(Exercise objective):
Pull every line holding the string "injective" from the records below.

(Exercise data):
(* Let $R$ be a commutative ring with unit, let $b\in R$, and let $\mathbf B=\begin{pmatrix}1&1&-1\\0&b&0\\0&0&b\end{pmatrix}$. (1) $\mathbf B$ is partition regular over $R$ if and only if $\mathrm{ann}(b)=\{x\in R: xb=0\}$ is infinite. (2) $\mathbf B$ satisfies the generalised columns condition over $R$ if and only if there exists $d\in R$ with $db=0$ and $d^nR$ infinite for all $n\ge0$.
   Context: $\mathbf{B}$ is partition regular over $R$ if for every $r\ge1$ and every map $\chi\colon R\to\{1,\dots,r\}$ there is a nonzero $\mathbf{x}=(x_1,x_2,x_3)^{\intercal}\in R^3$ with $\mathbf{B}\mathbf{x}=0$ and $\chi(x_1)=\chi(x_2)=\chi(x_3)$. Generalised columns condition for a $k\times l$ matrix over $R$ with columns $\mathbf c_1,\dots,\mathbf c_l$: there exist $m\ge0$, a partition $\{1,\dots,l\}=I_0\cup\dots\cup I_m$ and $d_0,\dots,d_m\in R\setminus\{0\}$ with (i) $d_0\sum_{i\in I_0}\mathbf c_i=0$; (ii) for $1\le t\le m$, $d_t\sum_{i\in I_t}\mathbf c_i$ lies in the $R$-submodule generated by the $\mathbf c_j$ with $j\in I_0\cup\dots\cup I_{t-1}$; (iii) if $m>0$, the ideal $d_0(d_1\cdots d_m)^nR$ is infinite for every $n\ge0$. *)

From HB Require Import structures.
From mathcomp Require Import all_boot all_order all_algebra.
From mathcomp Require Import boolp classical_sets cardinality.
Set Implicit Arguments. Unset Strict Implicit. Unset Printing Implicit Defensive.
Import GRing.Theory.
Local Open Scope ring_scope.
Local Open Scope classical_set_scope.

(* R : comPzRingType = commutative ring with 1 (the zero ring is allowed). *)

Definition partition_regular (R : comPzRingType) (k l : nat) (A : 'M[R]_(k, l)) : Prop :=
  forall (r : nat), (0 < r)%N -> forall chi : R -> 'I_r,
    exists x : 'cV[R]_l, x != 0 /\ A *m x = 0 /\
      (forall i j : 'I_l, chi (x i 0) = chi (x j 0)).

(* The partition {1..l} = I_0 u ... u I_m is
   given by a surjective map f : 'I_l -> 'I_(m.+1) (I_t = f^-1 t, nonempty);
   the constants are d : 'I_(m.+1) -> R, all nonzero. *)
Definition gen_columns_condition (R : comPzRingType) (k l : nat) (A : 'M[R]_(k, l)) : Prop :=
  exists (m : nat) (f : 'I_l -> 'I_(m.+1)) (d : 'I_(m.+1) -> R),
    (forall t : 'I_(m.+1), exists i : 'I_l, f i = t) /\
    (forall t : 'I_(m.+1), d t != 0) /\
    d ord0 *: (\sum_(i < l | f i == ord0) col i A) = 0 /\
    (forall t : 'I_(m.+1), (0 < t)%N ->
       exists a : 'I_l -> R,
         d t *: (\sum_(i < l | f i == t) col i A)
           = \sum_(j < l | (f j < t)%N) a j *: col j A) /\
    ((0 < m)%N -> forall n : nat,
       infinite_set (range (fun y : R =>
         d ord0 * (\prod_(t < m.+1 | (0 < t)%N) d t) ^+ n * y))).

Definition Bmat (R : comPzRingType) (b : R) : 'M[R]_3 :=
  \matrix_(i < 3, j < 3)
    match nat_of_ord i, nat_of_ord j with
    | 0, 0 => 1
    | 0, 1 => 1
    | 0, _ => -1
    | 1, 1 => b
    | 2, 2 => b
    | _, _ => 0
    end.

From HB Require Import structures.
From mathcomp Require Import all_boot all_order all_algebra.
From mathcomp Require Import boolp classical_sets cardinality.
From mathcomp Require Import zify ring.
Set Implicit Arguments. Unset Strict Implicit. Unset Printing Implicit Defensive.
Import GRing.Theory.
Local Open Scope ring_scope.
Local Open Scope classical_set_scope.

(* Every solution of [Bmat b *m x = 0] has its entries in ann(b), and
   [(u - w, w - v, u - v)] is a solution for all u, v, w in ann(b).  If ann(b)
   is finite, a colouring that is injective on it admits no nonzero
   monochromatic solution.  If it is infinite, Ramsey's theorem for triangles,
   applied to the colouring (u, w) |-> chi(u - w) of ordered pairs, gives a
   monochromatic solution with w <> v.
   For the columns condition: the block I_t containing the second or third
   column, or failing that the singleton block of the first column, satisfies
   t > 0 and d_t b = 0, and d_t^n divides the element of condition (iii).
   Conversely, I_0 = {2, 3}, I_1 = {1} with all constants equal to d works. *)

Section MonochromaticTriangle.
Variables (T : Type) (r : nat) (c : T -> T -> 'I_r).

Definition coloured_in (C : {set 'I_r}) (Y : set T) :=
  forall u w, Y u -> Y w -> u <> w -> c u w \in C.

Definition monochromatic_triangle (Y : set T) :=
  exists v w u, [/\ Y v, Y w & Y u] /\ [/\ w <> v, u <> w & u <> v] /\
    c w v = c u w /\ c u v = c w v.

Lemma monochromatic_triangle_sub (Y Z : set T) :
  Y `<=` Z -> monochromatic_triangle Y -> monochromatic_triangle Z.
Proof.
move=> YZ [v [w [u [[Yv Yw Yu] H]]]].
by exists v, w, u; split; first by split; apply: YZ.
Qed.

Lemma infinite_set_fibre (Y : set T) (g : T -> 'I_r) :
  infinite_set Y -> exists k, infinite_set (Y `&` [set u | g u = k]).
Proof.
move=> infY; apply: contrapT => /forallNP fin_fibres; apply: infY.
apply: (@sub_finite_set _ _ (\bigcup_(k in [set: 'I_r]) (Y `&` [set u | g u = k]))).
  by move=> u Yu; exists (g u).
apply: bigcup_finite; first exact: finite_finset.
by move=> k _; apply: contrapT; apply: fin_fibres.
Qed.

Lemma infinite_colour_class (C : {set 'I_r}) (Y : set T) :
  infinite_set Y -> coloured_in C Y ->
  exists v k, [/\ Y v, k \in C & infinite_set ((Y `\ v) `&` [set u | c u v = k])].
Proof.
move=> infY YC; have [v Yv] := infinite_setN0 infY.
have infYv : infinite_set (Y `\ v) by apply: infinite_setD => //; exact: finite_set1.
have [k infX] := infinite_set_fibre (c^~ v) infYv.
have [u [[Yu /= uv] /= cuv]] := infinite_setN0 infX.
by exists v, k; split => //; rewrite -cuv; apply: YC.
Qed.

Lemma coloured_in_monochromatic_triangle n (C : {set 'I_r}) (Y : set T) :
  (#|C| <= n)%N -> infinite_set Y -> coloured_in C Y -> monochromatic_triangle Y.
Proof.
elim: n C Y => [|n IH] C Y leCn infY YC;
  have [v [k [Yv kC infX]]] := infinite_colour_class infY YC.
  by move: leCn; rewrite leqn0 => /eqP/cards0_eq C0; rewrite C0 inE in kC.
pose X := (Y `\ v) `&` [set u | c u v = k].
(* Either a pair of colour k in X closes a triangle with v, or colour k is
   absent from X and we recurse on X with one colour fewer. *)
have [[w [u [[[Yw /= wv] cwv] [[Yu /= uv] cuv] uw cuw]]]|] :=
  pselect (exists w u, [/\ X w, X u, u <> w & c u w = k]).
  by exists v, w, u; split => //; rewrite cwv cuv cuw.
move=> /forallNP noX; apply: (@monochromatic_triangle_sub X) => [u [[]] //|].
apply: (IH (C :\ k) X) => //.
  by move: leCn; rewrite (cardsD1 k C) kC add1n ltnS.
move=> u w Xu Xw uw; have [[Yu _] _] := Xu; have [[Yw _] _] := Xw.
rewrite !inE YC // andbT.
by apply/eqP => cuw; apply: (noX w); exists u.
Qed.

Lemma infinite_monochromatic_triangle (Y : set T) :
  infinite_set Y -> monochromatic_triangle Y.
Proof.
move=> infY; apply: (@coloured_in_monochromatic_triangle r [set: 'I_r]) => //.
  by rewrite cardsT card_ord.
by move=> *; rewrite inE.
Qed.

End MonochromaticTriangle.

Lemma sum_scale_col_coord (R : pzRingType) m n (A : 'M[R]_(m, n))
    (P : pred 'I_n) (a : 'I_n -> R) k :
  (\sum_(j | P j) a j *: col j A) k 0 = \sum_(j | P j) a j * A k j.
Proof. by rewrite summxE; apply: eq_bigr => j _; rewrite !mxE. Qed.

Definition i0 : 'I_3 := @Ordinal 3 0 isT.
Definition i1 : 'I_3 := @Ordinal 3 1 isT.
Definition i2 : 'I_3 := @Ordinal 3 2 isT.

Lemma ord3_ind (P : 'I_3 -> Prop) : P i0 -> P i1 -> P i2 -> forall i, P i.
Proof.
by move=> P0 P1 P2 [[|[|[|//]]] lti]; rewrite (bool_irrelevance lti isT).
Qed.

Lemma big_ord3 (V : nmodType) (F : 'I_3 -> V) : \sum_(j < 3) F j = F i0 + F i1 + F i2.
Proof.
rewrite !big_ord_recl big_ord0 addr0 addrA.
by congr (F _ + F _ + F _); apply: val_inj.
Qed.

Lemma cV3_ext (R : Type) (x y : 'cV[R]_3) :
  x i0 0 = y i0 0 -> x i1 0 = y i1 0 -> x i2 0 = y i2 0 -> x = y.
Proof.
move=> e0 e1 e2; apply/matrixP => i j; rewrite (ord1 j).
by move: i; apply: ord3_ind.
Qed.

Definition col3 (R : zmodType) (p q s : R) : 'cV[R]_3 := \col_i [:: p; q; s]`_i.

Lemma col3E (R : zmodType) (p q s : R) :
  [/\ col3 p q s i0 0 = p, col3 p q s i1 0 = q & col3 p q s i2 0 = s].
Proof. by rewrite !mxE. Qed.

Lemma index_inord_inj (T : eqType) (s : seq T) :
  {in s &, injective (fun y => inord (index y s) : 'I_(size s).+1)}.
Proof.
move=> y z ys zs /(congr1 val) /=; rewrite !inordK ?ltnS ?index_size // => e.
by rewrite -(nth_index y ys) -(nth_index y zs) e.
Qed.

Lemma infinite_ideal_factor (R : comPzRingType) (c e : R) :
  infinite_set (range (fun y => c * e * y)) -> infinite_set (range (fun y => c * y)).
Proof.
apply: contra_not; apply: sub_finite_set => _ [y _ <-].
by exists (e * y); rewrite ?mulrA.
Qed.

Lemma infinite_ideal_neq0 (R : comPzRingType) (c : R) :
  infinite_set (range (fun y => c * y)) -> c != 0.
Proof.
move=> inf; apply/eqP => c0; apply: inf; rewrite c0.
apply: (sub_finite_set _ (finite_set1 0)).
by move=> _ [y _ <-]; rewrite mul0r.
Qed.

Section Bmat.
Variables (R : comPzRingType) (b : R).

Lemma Bmat_row0 (P : pred 'I_3) (a : 'I_3 -> R) :
  \sum_(j | P j) a j * Bmat b i0 j =
  (if P i0 then a i0 else 0) + (if P i1 then a i1 else 0) - (if P i2 then a i2 else 0).
Proof.
rewrite big_mkcond big_ord3 !mxE /=.
by case: (P i0); case: (P i1); case: (P i2); ring.
Qed.

Lemma Bmat_row1 (P : pred 'I_3) (a : 'I_3 -> R) :
  \sum_(j | P j) a j * Bmat b i1 j = if P i1 then a i1 * b else 0.
Proof.
rewrite big_mkcond big_ord3 !mxE /=.
by case: (P i0); case: (P i1); case: (P i2); ring.
Qed.

Lemma Bmat_row2 (P : pred 'I_3) (a : 'I_3 -> R) :
  \sum_(j | P j) a j * Bmat b i2 j = if P i2 then a i2 * b else 0.
Proof.
rewrite big_mkcond big_ord3 !mxE /=.
by case: (P i0); case: (P i1); case: (P i2); ring.
Qed.

Lemma mulBmat_coord (x : 'cV[R]_3) k : (Bmat b *m x) k 0 = \sum_j x j 0 * Bmat b k j.
Proof. by rewrite mxE; apply: eq_bigr => j _; rewrite mulrC. Qed.

Lemma mulBmat_eq0 (x : 'cV[R]_3) :
  Bmat b *m x = 0 <->
  [/\ x i0 0 + x i1 0 - x i2 0 = 0, x i1 0 * b = 0 & x i2 0 * b = 0].
Proof.
split=> [Bx0 | [h0 h1 h2]].
  have coord k := congr1 (fun M : 'cV_3 => M k 0) Bx0.
  move: (coord i0) (coord i1) (coord i2).
  by rewrite /= !mulBmat_coord Bmat_row0 Bmat_row1 Bmat_row2 !mxE.
by apply: cV3_ext; rewrite mulBmat_coord ?Bmat_row0 ?Bmat_row1 ?Bmat_row2 mxE.
Qed.

Lemma Bmat_kernel_ann (x : 'cV[R]_3) : Bmat b *m x = 0 -> forall i, x i 0 * b = 0.
Proof.
move=> /mulBmat_eq0[h0 h1 h2]; apply: ord3_ind => //.
have -> : x i0 0 = x i2 0 - x i1 0 by rewrite -[LHS]subr0 -h0; ring.
by rewrite mulrBl h1 h2 subr0.
Qed.

Lemma Bmat_kernel_const (x : 'cV[R]_3) :
  Bmat b *m x = 0 -> (forall i j, x i 0 = x j 0) -> x = 0.
Proof.
move=> /mulBmat_eq0[h0 _ _] xc.
have x1 : x i1 0 = 0 by rewrite -h0 (xc i0 i1) (xc i2 i1); ring.
by apply: cV3_ext; rewrite mxE ?(xc _ i1).
Qed.

Lemma partition_regular_Bmat_infinite_ann : partition_regular (Bmat b) ->
  infinite_set [set x : R | x * b = 0].
Proof.
move=> PR /finite_seqP[s ann_s].
have in_s y : y * b = 0 -> y \in s.
  by move=> yb; have : [set x : R | x * b = 0] y by []; rewrite ann_s.
have [x [x_neq0 [Bx0 mono]]] := PR (size s).+1 isT (fun y => inord (index y s)).
move/eqP: x_neq0; apply; apply: (Bmat_kernel_const Bx0) => i j.
by apply: index_inord_inj (mono i j); apply: in_s; apply: Bmat_kernel_ann Bx0 _.
Qed.

Lemma infinite_ann_partition_regular_Bmat : infinite_set [set x : R | x * b = 0] ->
  partition_regular (Bmat b).
Proof.
move=> inf r _ chi.
have [v [w [u [[Av Aw Au] [[wv _ _] [c1 c2]]]]]] :=
  infinite_monochromatic_triangle (fun u w => chi (u - w)) inf.
have [x0 x1 x2] := col3E (u - w) (w - v) (u - v).
exists (col3 (u - w) (w - v) (u - v)); split; [|split].
- apply/eqP => /(congr1 (fun x : 'cV_3 => x i1 0)).
  by rewrite x1 mxE => /eqP; rewrite subr_eq0 => /eqP.
- by apply/mulBmat_eq0; rewrite x0 x1 x2 !mulrBl Au Aw Av; split; ring.
- have mono : forall i, chi (col3 (u - w) (w - v) (u - v) i 0) = chi (w - v).
    by apply: ord3_ind; rewrite ?x0 ?x1 ?x2 ?c2 ?c1.
  by move=> i j; rewrite !mono.
Qed.

Lemma Bmat_columns_block_ann m (f : 'I_3 -> 'I_m.+1) (d : 'I_m.+1 -> R) :
  d ord0 != 0 ->
  d ord0 *: (\sum_(i < 3 | f i == ord0) col i (Bmat b)) = 0 ->
  (forall t : 'I_m.+1, (0 < t)%N -> exists a : 'I_3 -> R,
     d t *: (\sum_(i < 3 | f i == t) col i (Bmat b))
       = \sum_(j < 3 | (f j < t)%N) a j *: col j (Bmat b)) ->
  exists2 t : 'I_m.+1, (0 < t)%N & d t * b = 0.
Proof.
move=> d0_neq0 block0 block.
have block_row (t : 'I_m.+1) : (0 < t)%N -> exists a : 'I_3 -> R, forall k,
    \sum_(j | f j == t) d t * Bmat b k j = \sum_(j | (f j < t)%N) a j * Bmat b k j.
  move=> t_gt0; have [a ha] := block t t_gt0; exists a => k.
  by rewrite -!sum_scale_col_coord -scaler_sumr ha.
have pos (t : 'I_m.+1) : t != ord0 -> (0 < t)%N by rewrite lt0n.
have [f1|/pos f1_gt0] := eqVneq (f i1) ord0; last first.
  have [a /(_ i1)] := block_row _ f1_gt0; rewrite !Bmat_row1 eqxx ltnn => db0.
  by exists (f i1).
have [f2|/pos f2_gt0] := eqVneq (f i2) ord0; last first.
  have [a /(_ i2)] := block_row _ f2_gt0; rewrite !Bmat_row2 eqxx ltnn => db0.
  by exists (f i2).
have [f0|/pos f0_gt0] := eqVneq (f i0) ord0.
  have := congr1 (fun M : 'cV_3 => M i0 0) block0.
  rewrite /= scaler_sumr sum_scale_col_coord Bmat_row0 f0 f1 f2 eqxx mxE.
  by move=> d0; case/eqP: d0_neq0; rewrite -d0; ring.
have f0_neq : (ord0 == f i0) = false by apply: negbTE; rewrite eq_sym -lt0n.
exists (f i0) => //.
have [a row] := block_row _ f0_gt0.
move: (row i0) (row i1) (row i2).
rewrite !Bmat_row0 !Bmat_row1 !Bmat_row2.
rewrite f1 f2 eqxx ltnn f0_neq /= f0_gt0 addr0 subr0 add0r => -> a1b a2b.
by rewrite mulrBl -a1b -a2b subr0.
Qed.

Lemma gen_columns_condition_Bmat_ann : gen_columns_condition (Bmat b) ->
  exists d : R, d * b = 0 /\ forall n, infinite_set (range (fun y => d ^+ n * y)).
Proof.
move=> [m [f [d [_ [d_neq0 [block0 [block inf]]]]]]].
have [t t_gt0 dtb] := Bmat_columns_block_ann (d_neq0 ord0) block0 block.
have m_gt0 : (0 < m)%N by have := ltn_ord t; lia.
exists (d t); split => // n.
pose e := d ord0 * (\prod_(j < m.+1 | (0 < j)%N && (j != t)) d j) ^+ n.
apply: (@infinite_ideal_factor _ _ e).
have -> : (fun y => d t ^+ n * e * y)
    = (fun y => d ord0 * (\prod_(j < m.+1 | (0 < j)%N) d j) ^+ n * y).
  by apply: funext => y; rewrite /e [in RHS](bigD1 t) //= exprMn; ring.
exact: inf.
Qed.

Lemma ann_gen_columns_condition_Bmat (d : R) : d * b = 0 ->
  (forall n, infinite_set (range (fun y => d ^+ n * y))) -> gen_columns_condition (Bmat b).
Proof.
move=> db0 inf.
have d_neq0 : d != 0 by apply: infinite_ideal_neq0; have := inf 1%N; rewrite expr1.
pose f (i : 'I_3) : 'I_2 := if i == i0 then ord_max else ord0.
have [f0 f1 f2] : [/\ f i0 = ord_max, f i1 = ord0 & f i2 = ord0] by rewrite /f.
exists 1%N, f, (fun _ => d); split; [|split; [|split; [|split]]].
- by move=> [[|[|//]] lt2]; [exists i1 | exists i0]; apply: val_inj.
- by [].
- by apply: cV3_ext; rewrite scaler_sumr sum_scale_col_coord ?Bmat_row0 ?Bmat_row1 ?Bmat_row2
    ?f0 ?f1 ?f2 mxE /= ?add0r ?subrr.
- move=> t t_gt0; have -> : t = ord_max by apply: val_inj => /=; have := ltn_ord t; lia.
  exists (fun j => if j == i1 then d else 0).
  by apply: cV3_ext; rewrite scaler_sumr !sum_scale_col_coord ?Bmat_row0 ?Bmat_row1 ?Bmat_row2
    ?f0 ?f1 ?f2 /= ?addr0 ?add0r ?subr0 ?mul0r.
- move=> _ n; rewrite big_mkcond !big_ord_recl big_ord0 /= mul1r mulr1 -exprS.
  exact: inf.
Qed.
End Bmat.

Theorem lemma4p2 (R : comPzRingType) (b : R) :
  (partition_regular (Bmat b) <-> infinite_set [set x : R | x * b = 0]) /\
  (gen_columns_condition (Bmat b) <->
     exists d : R, d * b = 0 /\
       forall n : nat, infinite_set (range (fun y : R => d ^+ n * y))).
Proof.
split; split.
- exact: partition_regular_Bmat_infinite_ann.
- exact: infinite_ann_partition_regular_Bmat.
- exact: gen_columns_condition_Bmat_ann.
- by move=> [d [db0 inf]]; exact: ann_gen_columns_condition_Bmat db0 inf.
Qed.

(Answer section):
   is finite, a colouring that is injective on it admits no nonzero
  {in s &, injective (fun y => inord (index y s) : 'I_(size s).+1)}.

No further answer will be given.